Apple's Final Cut Pro, Digital Origin's EditDV, or Adobe's Premiere make desktop film editing as straightforward as word processing. Final Cut Pro lets you edit anything captured on hard disk with simple drag-and-drop moves. One effect, called Chroma Key, is like a stripped-down bluescreen, letting you relocate foreground images by making the background transparent. Another pulldown from the effects menu lets you create professional titles and credits. The last step in the process, rendering, is basically a one-button operation that weaves all the layers together, applies effects, and produces a finished digital file. The computer can then spit the film back out to your camcorder through a FireWire connection.
On Digital Origin's EditDV for Windows, faster software means less rendering time than on the Mac. A PC running a 600-MHz chip - say, the AMD Athlon - will boost your speed further.

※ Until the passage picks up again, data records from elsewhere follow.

(* Composition (phi \o psi): (phi \o psi)(x_i) = phi(psi(x_i)) = psi_i(phi_1,...,phi_n). *)
Definition endo_comp (K : fieldType) (n : nat) (f g : endo K n) : endo K n :=
  [tuple (comp_mpoly f (tnth g i)) | i < n].

Definition is_aut (K : fieldType) (n : nat) (f : endo K n) : Prop :=
  exists g : endo K n, endo_comp f g = endo_id K n /\ endo_comp g f = endo_id K n.

Definition is_aut0 (K : fieldType) (n : nat) (f : endo K n) : Prop :=
  is_aut f /\ forall i : 'I_n, (tnth f i)@_0%MM = 0.

(* Phi is a group automorphism of Aut_0 K[x_1..x_n] (Phi given as a map on
   endomorphisms, only its restriction to Aut_0 matters). *)
Definition is_group_aut_Aut0 (K : fieldType) (n : nat) (Phi : endo K n -> endo K n) : Prop :=
  [/\ forall f, is_aut0 f -> is_aut0 (Phi f),
      forall f g, is_aut0 f -> is_aut0 g -> Phi (endo_comp f g) = endo_comp (Phi f) (Phi g),
      forall f g, is_aut0 f -> is_aut0 g -> Phi f = Phi g -> f = g
    & forall g, is_aut0 g -> exists2 f, is_aut0 f & Phi f = g].

Definition torus_elt (K : fieldType) (n : nat) (lam : 'I_n -> K) : endo K n :=
  [tuple (lam i *: ('X_i : {mpoly K[n]})) | i < n].

Definition elem_aut (K : fieldType) (n : nat) (c : K) (mon : 'X_{1..n}) : endo K n :=
  [tuple (if val i == 0%N then 'X_i + c *: 'X_[mon] else ('X_i : {mpoly K[n]})) | i < n].

From HB Require Import structures.
From mathcomp Require Import all_boot all_order all_algebra.
From mathcomp Require Import mpoly.
From mathcomp Require Import ring zify.
Set Implicit Arguments. Unset Strict Implicit. Unset Printing Implicit Defensive.
Import GRing.Theory.
Local Open Scope ring_scope.

(* Write e(b) for x_1 |-> x_1 + b x^M.  The torus elements commuting with e(b)
   form the subtorus T_M = {lam | lam_1 = lam^M}, and since Phi fixes the torus
   pointwise, Phi(e(b)) commutes with T_M too.  As x^M has degree at least 2 and
   does not involve x_1, comparing weights under the one-parameter subgroups of
   T_M shows that an endomorphism commuting with T_M has the shape
   x_i |-> c_i x_i + [i = 1] a x^M.  For Phi(e(b)) the maps b |-> c_i(b) are
   homomorphisms from (K, +) to K^*, hence trivial in characteristic p, so
   Phi(e(b)) = e(a(b)); injectivity of Phi gives a(b) <> 0, and conjugating by
   the torus element (b, 1, ..., 1), which sends e(1) to e(b), gives
   a(b) = b a(1). *)

Section Torus.
Variables (K : fieldType) (n : nat).
Implicit Types (lam : 'I_n -> K) (g : endo K n).

Lemma prodr_exp_mnm1 lam i : \prod_(l < n) lam l ^+ U_(i)%MM l = lam i.
Proof.
rewrite (bigD1 i) //= mnm1E eqxx big1 ?mulr1 // => l /negbTE nli.
by rewrite mnm1E eq_sym nli.
Qed.

Lemma torus_elt1 : torus_elt (fun=> 1 : K) = endo_id K n.
Proof. by apply: eq_from_tnth => i; rewrite !tnth_mktuple scale1r. Qed.

Lemma comp_mpolyX_torus lam m :
  'X_[m] \mPo torus_elt lam = (\prod_(i < n) lam i ^+ m i) *: 'X_[m].
Proof.
rewrite comp_mpolyX [in RHS]mpolyXE_id -scaler_prod; apply: eq_bigr => i _.
by rewrite tnth_mktuple exprZn.
Qed.

Lemma mcoeff_comp_torus lam (q : {mpoly K[n]}) m :
  (q \mPo torus_elt lam)@_m = q@_m * \prod_(i < n) lam i ^+ m i.
Proof.
rewrite comp_mpolyEX raddf_sum /=.
under eq_bigr => m' _ do rewrite comp_mpolyX_torus scalerA mcoeffZ mcoeffX.
have [qm|qm] := boolP (m \in msupp q).
  rewrite (bigD1_seq m) ?msupp_uniq //= eqxx mulr1n mulr1 [X in _ + X]big1 ?addr0 //.
  by move=> m' /negbTE ->; rewrite mulr0.
rewrite big1_seq => [|m' /andP[_ qm']]; last first.
  by case: eqP qm' => [->|]; rewrite ?(negbTE qm) ?mulr0.
by move: qm; rewrite -mcoeff_eq0 => /eqP ->; rewrite mul0r.
Qed.

Lemma tnth_comp_torus g lam i :
  tnth (endo_comp g (torus_elt lam)) i = lam i *: tnth g i.
Proof. by rewrite !tnth_mktuple comp_mpolyZ comp_mpolyXU -tnth_nth. Qed.

Lemma mcoeff_commute_torus g lam i m :
  endo_comp (torus_elt lam) g = endo_comp g (torus_elt lam) ->
  (tnth g i)@_m * \prod_(l < n) lam l ^+ m l = lam i * (tnth g i)@_m.
Proof.
move/(congr1 (fun f => (tnth f i)@_m)) => /=.
by rewrite tnth_comp_torus mcoeffZ tnth_mktuple mcoeff_comp_torus.
Qed.

End Torus.

Lemma exists_expr_neq (K : closedFieldType) (e e' : nat) :
  e != e' -> exists2 t : K, t != 0 & t ^+ e != t ^+ e'.
Proof.
wlog lt_ee' : e e' / (e < e')%N.
  move=> W; case: (ltngtP e e') => [lt _|gt _|//]; first by apply: W; rewrite ?ltn_eqF.
  have [|t t0 ht] := W e' e gt; first by rewrite ltn_eqF.
  by exists t; rewrite // eq_sym.
move=> _; set d := (e' - e)%N.
(* A root of X^(d+1) - X - 1 is nonzero and cannot satisfy t^d = 1, in any
   characteristic. *)
have : size ('X^(d.+1) - 'X - 1 : {poly K}) != 1%N.
  rewrite -addrA -opprD size_polyDl size_polyXn ?size_polyN ?size_XaddC //.
  by rewrite !ltnS subn_gt0.
case/closed_rootP=> t; rewrite /root !hornerE subr_eq0 subr_eq => /eqP rt.
have t0 : t != 0 by apply: contra_eq_neq rt => ->; rewrite expr0n addr0 eq_sym oner_eq0.
exists t => //; apply: contra_eq_neq rt => tee'.
have td : t ^+ d = 1.
  by apply: (mulIf (expf_neq0 e t0)); rewrite mul1r -exprD subnK ?tee' // ltnW.
by rewrite exprS td mulr1 eq_sym -subr_eq0 addrK oner_eq0.
Qed.

Section TorusElem.
Variables (K : fieldType) (n : nat) (mon : 'X_{1..n.+1}).
Hypothesis mon0 : mon ord0 = 0%N.
Implicit Types (lam mu : 'I_n.+1 -> K) (a b : K).

Definition torus_elem lam a : endo K n.+1 :=
  [tuple lam i *: 'X_i + (if i == ord0 then a *: 'X_[mon] else 0) | i < n.+1].

Lemma tnth_torus_elem lam a i : tnth (torus_elem lam a) i =
  lam i *: 'X_i + (if i == ord0 then a *: 'X_[mon] else 0).
Proof. exact: tnth_mktuple. Qed.

Lemma eq_torus_elem lam a mu b :
  lam =1 mu -> a = b -> torus_elem lam a = torus_elem mu b.
Proof. by move=> e ->; apply: eq_from_tnth => i; rewrite !tnth_mktuple e. Qed.

Lemma torus_elem_torus lam : torus_elem lam 0 = torus_elt lam.
Proof.
by apply: eq_from_tnth => i; rewrite tnth_torus_elem tnth_mktuple scale0r if_same addr0.
Qed.
Lemma nonsingular_loc_comp A v Y : A v v -> v \notin Y ->
  nonsingular (adjF (loc_comp A v)) Y <-> nonsingular (adjF A) (v |: Y).
Proof.
move=> Avv vY.
have Mvv : adjF A v v = 1 by rewrite /adjF Avv.
have sum_loc_comp (g : T -> 'F_2) t :
    \sum_(z in Y) g z * adjF (loc_comp A v) z t =
    \sum_(z in Y) g z * adjF A z t + (\sum_(z in Y) g z * adjF A z v) * adjF A v t.
  rewrite big_distrl -big_split; apply: eq_bigr => z _ /=.
  by rewrite /adjF F2_of_bool_addb F2_of_bool_andb mulrDr mulrA.
split=> [Y_ns f f_ker|vY_ns g g_ker x xY].
- have := f_ker v (setU11 v Y); rewrite big_setU1 //= Mvv mulr1 => /F2_add_eq0 fv.
  have fY0 : forall x, x \in Y -> f x = 0.
    apply: Y_ns => t tY; rewrite sum_loc_comp -fv.
    by have := f_ker t (setU1r v tY); rewrite big_setU1 //= addrC.
  move=> x /setU1P [->|]; last exact: fY0.
  by rewrite fv big1 // => z zY; rewrite fY0 ?mul0r.
- pose S := \sum_(z in Y) g z * adjF A z v.
  pose f z := if z == v then S else g z.
  have fg z : z \in Y -> f z = g z.
    by rewrite /f; case: eqP => // ->; rewrite (negbTE vY).
  rewrite -fg //; apply: vY_ns (setU1r v xY) => t.
  rewrite big_setU1 //= {1}/f eqxx (eq_bigr (fun z => g z * adjF A z t)); last first.
    by move=> z zY; rewrite fg.
  case/setU1P=> [->|tY]; first by rewrite Mvv mulr1 addF2xx.
  by rewrite addrC -sum_loc_comp g_ker.
Qed.

(* For an edge [xy] between unlooped vertices, the Schur complement of the
   block on [{x, y}]. *)
Definition edge_pivot A x y : rel T :=
  fun z w => A z w (+) (A z x && A y w) (+) (A z y && A x w).

Lemma edge_pivot_sym A x y : symmetric A -> symmetric (edge_pivot A x y).
Proof.
move=> symA z w; rewrite /edge_pivot (symA w z) (symA w x) (symA y z).
rewrite (symA w y) (symA x z).
by case: (A z w); case: (A x w); case: (A z y); case: (A y w); case: (A z x).
Qed.

Lemma edge_pivot_loop A x y z : symmetric A -> edge_pivot A x y z z = A z z.
Proof.
move=> symA; rewrite /edge_pivot (symA y z) (symA x z).
by case: (A z z); case: (A z x); case: (A z y).
Qed.

Lemma nonsingular_edge_pivot A X x y : symmetric A ->
  x \in X -> y \in X -> ~~ A x x -> ~~ A y y -> A x y ->
  nonsingular (adjF A) X -> nonsingular (adjF (edge_pivot A x y)) (X :\ x :\ y).
Proof.
move=> symA xX yX Axx Ayy Axy X_ns g g_ker z zX'.
set X' := X :\ x :\ y in zX' g_ker *.
have yx : y != x by apply: contraNneq Axx => yx; rewrite -{2}yx.
have yX' : y \notin X' by rewrite !inE eqxx.
have xyX' : x \notin y |: X' by rewrite !inE eqxx andbF orbF eq_sym.
have defX : X = x |: (y |: X') by rewrite !setD1K // !inE yx.
have [Mxx Myy Mxy Myx] : [/\ adjF A x x = 0, adjF A y y = 0, adjF A x y = 1
                          & adjF A y x = 1].
  by rewrite /adjF (symA y x) (negbTE Axx) (negbTE Ayy) Axy.
pose Sx := \sum_(w in X') g w * adjF A w x.
pose Sy := \sum_(w in X') g w * adjF A w y.
pose f w := if w == x then Sy else if w == y then Sx else g w.
have fg w : w \in X' -> f w = g w.
  by rewrite /f !inE => /and3P [/negbTE -> /negbTE -> _].
have sum_f t : \sum_(w in X) f w * adjF A w t =
    \sum_(w in X') g w * adjF A w t + Sx * adjF A y t + Sy * adjF A x t.
  rewrite defX !big_setU1 //= addrC [f y * _ + _]addrC /f eqxx (negbTE yx) eqxx.
  by congr (_ + _ + _); apply: eq_bigr => w wX'; congr (_ * _); exact: fg.
rewrite -fg //; apply: X_ns; last by move: zX'; rewrite !inE => /and3P [].
move=> t; rewrite sum_f defX !in_setU1 => /or3P [/eqP ->|/eqP ->|tX'].
- by rewrite Mxx Myx mulr0 addr0 mulr1 addF2xx.
- by rewrite Myy Mxy mulr0 addr0 mulr1 addF2xx.
- rewrite -[RHS](g_ker t tX') /Sx /Sy !big_distrl -!big_split /=.
  apply: eq_bigr => w _.
  by rewrite /adjF /edge_pivot !F2_of_bool_addb !F2_of_bool_andb !mulrDr !mulrA.
Qed.

Lemma nonsingular_loopless_even A X : symmetric A ->
  {in X, forall z, ~~ A z z} -> nonsingular (adjF A) X -> ~~ odd #|X|.
Proof.
have [n ltXn] := ubnP #|X|; elim: n => // n IH in A X ltXn *.
move=> symA noloop X_ns.
have [->|[x xX]] := set_0Vmem X; first by rewrite cards0.
have [/exists_inP [y yX Axy]|/exists_inP noedge] := boolP [exists y in X, A x y];
  last first.
  case: (zero_row_singular xX _ X_ns) => t tX.
  by rewrite /adjF; case Axt: (A x t) => //; case: noedge; exists t.
have yx : y != x by apply: contraNneq (noloop x xX) => yx; rewrite -{2}yx.
have cardX : #|X| = (#|X :\ x :\ y|).+2.
  by rewrite (cardsD1 x X) xX (cardsD1 y (X :\ x)) !inE yx yX.
have := nonsingular_edge_pivot symA xX yX (noloop x xX) (noloop y yX) Axy X_ns.
rewrite cardX /= negbK; apply: IH; first by move: ltXn; rewrite cardX => /ltnW.
  exact: edge_pivot_sym.
move=> z /setD1P [_ /setD1P [_ zX]]; rewrite edge_pivot_loop //; exact: noloop.
Qed.

Lemma nonsingular_edge A x y : symmetric A ->
  ~~ A x x -> ~~ A y y -> A x y -> nonsingular (adjF A) [set x; y].
Proof.
move=> symA Axx Ayy Axy f f_ker.
have xy : x != y by apply: contraNneq Axx => xy; rewrite {2}xy.
have sum_xy t : \sum_(z in [set x; y]) f z * adjF A z t =
    f x * adjF A x t + f y * adjF A y t.
  by rewrite big_setU1 ?inE //= big_set1.
have := f_ker x (set21 x y); rewrite sum_xy /adjF (negbTE Axx) (symA y x) Axy.
rewrite mulr0 add0r mulr1 => fy.
have := f_ker y (set22 x y); rewrite sum_xy /adjF (negbTE Ayy) Axy.
rewrite mulr0 addr0 mulr1 => fx.
by move=> z /set2P [] ->.
Qed.

Definition loopless_closed A W Z : bool :=
  [&& Z \subset W, [forall z in Z, ~~ A z z] &
      [forall z in Z, forall r in W :\: Z, ~~ A z r]].

Definition obstructed A W : {set T} :=
  [set x | [exists Z, [&& loopless_closed A W Z, x \in Z & [exists y in Z, A x y]]]].

Lemma loopless_closedP A W Z :
  reflect [/\ Z \subset W, {in Z, forall z, ~~ A z z} &
               forall z r, z \in Z -> r \in W -> r \notin Z -> ~~ A z r]
          (loopless_closed A W Z).
Proof.
apply: (iffP and3P) => [[ZW /forall_inP Zloop /forall_inP Zcl]|[ZW Zloop Zcl]].
  split=> // z r zZ rW rZ; apply: (forall_inP (Zcl z zZ)); exact/setDP.
split=> //; apply/forall_inP => // z zZ; apply/forall_inP => r /setDP [rW rZ].
exact: Zcl.
Qed.

Lemma obstructedP A W x :
  reflect (exists Z, [/\ loopless_closed A W Z, x \in Z & exists2 y, y \in Z & A x y])
          (x \in obstructed A W).
Proof.
rewrite inE; apply: (iffP existsP) => [[Z /and3P [ZW xZ /exists_inP]]|].
  by exists Z.
by case=> Z [ZW xZ /exists_inP]; exists Z; rewrite ZW xZ.
Qed.

Lemma obstructed_sub A W : obstructed A W \subset W.
Proof.
apply/subsetP => x /obstructedP [Z [/loopless_closedP [ZW _ _] xZ _]].
exact: subsetP ZW x xZ.
Qed.

Lemma loc_comp_eq A u v q r :
  A q u = A q v -> A u r = A v r -> loc_comp A u q r = loc_comp A v q r.
Proof. by rewrite /loc_comp => -> ->. Qed.

Lemma obstructed_loc_comp_loop A W u v : symmetric A -> A u v ->
  u \in obstructed (loc_comp A v) W -> A u u.
Proof.
move=> symA Auv /obstructedP [Z [/loopless_closedP [_ Zloop _] uZ _]].
by move: (Zloop u uZ); rewrite /loc_comp Auv symA Auv; case: (A u u).
Qed.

Scott Stewart is working on a film adaptation of the Raymond Carver short story "What We Talk About When We Talk About Love." He used a PAL-format VX1000 camera for principal photography, and he has already captured all his footage into a 350-MHz Power Mac. The QuickTime movie files almost fill the four 16.8-gig ProMax hard drives he installed. Stewart plans to edit with EditDV and then use Adobe After Effects for compositing. He wouldn't bother with Premiere, he says. "I'm not into the word-processor style of cut-and-paste editing. I like the traditional feel of a flatbed editing machine you get from EditDV."
While indie filmmakers increasingly exhibit their work on the small screen of the Internet, even those bound for the big screen can leverage the Net. Peter Broderick of Next Wave Films (www.nextwavefilms.com) filters through movies on the Web and those sent to his office as proof of concept for a film. If Next Wave likes what it sees, it'll pay up to $100,000 to have the footage color-corrected and transferred to film. From there, the burgeoning Bennett Miller is off, as The Cruise's "Speed" Levitch puts it, into "the frantic chaos of this limitless universe."